2. An alternative source for the diffusion (or Taylor) cloud chamber

Diffusion cloud chambers are easy to use and have great educational benefit in allowing students to observe directly the tracks of radioactive particles as they are emitted. The diffusion cloud chambers sold by school science equipment suppliers in the 1960s and 1970s used small radium paint sources of nominal activity about 1 kBq. These sources are no longer available and suitable new sources in the UK are not easy to obtain. Fortunately, a thoriated tungsten electrode can be used as a cloud chamber source. These are designed for TIG (tungsten inert gas) welding fabrication and are commonly available from welding supplies shops. The type used in the test experiments was an SWP brand 2% thoriated tungsten electrode, type WT20, with rod diameter 3.2 mm and length 150 mm, conforming to ISO 6848 (see Websites). There are also 4% thoriated tungsten electrodes, but these are uncommon. The price of an electrode is about £3. The 2% thorium electrode has an identifying red colour tip.

The electrode is put through the cloud chamber and corks/bungs placed firmly on each end to keep it in place. If you are modifying a cloud chamber for this source, holes drilled in the sides should be set so that the electrode centre is about 7 mm above the chamber floor.

Put dry ice pieces in the lower chamber and replace the bottom lid. Dampen the felt inside the upper chamber with a few cubic centimetres of ethanol. Replace the lid and rub it clean with a soft duster. Within a few minutes you should see tracks. These are caused by condensation of ethanol. The low temperature in the chamber causes the ethanol vapour to become supersaturated and, in the absence of dust, the ions produced by the ionising radiation act as nucleation sites on which condensation forms.

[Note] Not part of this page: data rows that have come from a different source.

End SemisimpleAutomaton.
End PositiveStates.
End Automaton.

Definition offdiag (T : finType) (B : {set T}) : {set T * T} :=
  [set p in setX B B | p.1 != p.2].

Lemma in_offdiag (T : finType) (B : {set T}) p :
  (p \in offdiag B) = [&& p.1 \in B, p.2 \in B & p.1 != p.2].
Proof. by case: p => a b; rewrite inE in_setX andbA. Qed.

Lemma card_offdiag (T : finType) (B : {set T}) : #|offdiag B| = #|B| * (#|B| - 1).
Proof.
have -> : offdiag B = setX B B :\: [set (a, a) | a in B].
  apply/setP => -[a b]; rewrite !inE /=; apply/andP/andP => [[/andP[aB bB] ab]|].
    by split; [apply: contraNN ab => /imsetP[c _ [-> ->]] | rewrite aB].
  case=> ab /andP[aB bB]; split; first by rewrite aB.
  by apply: contraNN ab => /eqP ->; apply: imset_f.
have diag_sub : [set (a, a) | a in B] \subset setX B B.
  by apply/subsetP => _ /imsetP[a aB ->]; rewrite in_setX aB.
rewrite cardsD (setIidPr diag_sub) cardsX card_imset => [|a b [] //].
by rewrite mulnBr muln1.
Qed.

(* Double counting of the ordered pairs of distinct points: each member of the
   packing contains [r (r - 1)] of them, and no pair lies in two members. *)
Lemma packing2_card_bound n r (F : {set {set 'I_n}}) :
  packing 2 r F -> #|F| * (r * (r - 1)) <= n * (n - 1).
Proof.
case/andP => /forall_inP card_F /forallP pair_F.
have -> : #|F| * (r * (r - 1)) = \sum_(B in F) \sum_p (p \in offdiag B).
  rewrite -sum_nat_const; apply: eq_bigr => B /card_F/eqP <-.
  by rewrite -card_offdiag -sum1_card big_mkcond; apply: eq_bigr => p _; case: ifP.
have -> : n * (n - 1) = #|offdiag [set: 'I_n]| by rewrite card_offdiag cardsT card_ord.
rewrite -sum1_card [X in _ <= X]big_mkcond exchange_big; apply: leq_sum => -[a b] _ /=.
rewrite in_offdiag !inE /=; case: eqVneq => [-> | ab] /=.
  by rewrite big1 // => B _; rewrite in_offdiag eqxx !andbF.
have pair_ab := pair_F [set a; b]; rewrite cards2 ab /= in pair_ab.
apply: leq_trans pair_ab; rewrite -sum1dep_card big_mkcond [X in _ <= X]big_mkcond /=.
apply: leq_sum => B _; rewrite in_offdiag ab subUset !sub1set andbT.
by case: (B \in F); case: (a \in B); case: (b \in B).
Qed.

Figure 5 shows the α particle tracks; they appear at a rate of about one or two every second. The α tracks vary in length, up to a maximum length of around 4 cm, because some α emissions come from just within the electrode surface and lose energy before emerging. Occasionally, a V-shaped emission appears from the rod surface. This is caused by the decay by α emission of 220Rn (a product in the decay chain of 232Th) followed almost immediately by the decay by α emission of 210Po.

More advanced workα particles are much more massive than electrons; for a particular velocity, α particles have much greater momentum than β particles and are deflected less on collision. α particles tend to travel in straight lines through air except for occasional collisions with nuclei of atoms (which produce observable deflections, as in the α particle track in the middle of Figure 6).

Low-energy β emissions produce tortuous tracks compared with α emissions because they are deflected more readily by collisions. The tracks from β radiation can be observed in the cloud chamber but they are much fainter because β radiation is far less ionising than α radiation. A way to identify β tracks is to take a number of photographs at 1 second intervals with a digital camera and flash, say 20 or so, and then download the images to a computer. Zoom in on the photographs and you may be able to pick out some images that show β radiation tracks. The contrast may be better if the pictures are converted to greyscale.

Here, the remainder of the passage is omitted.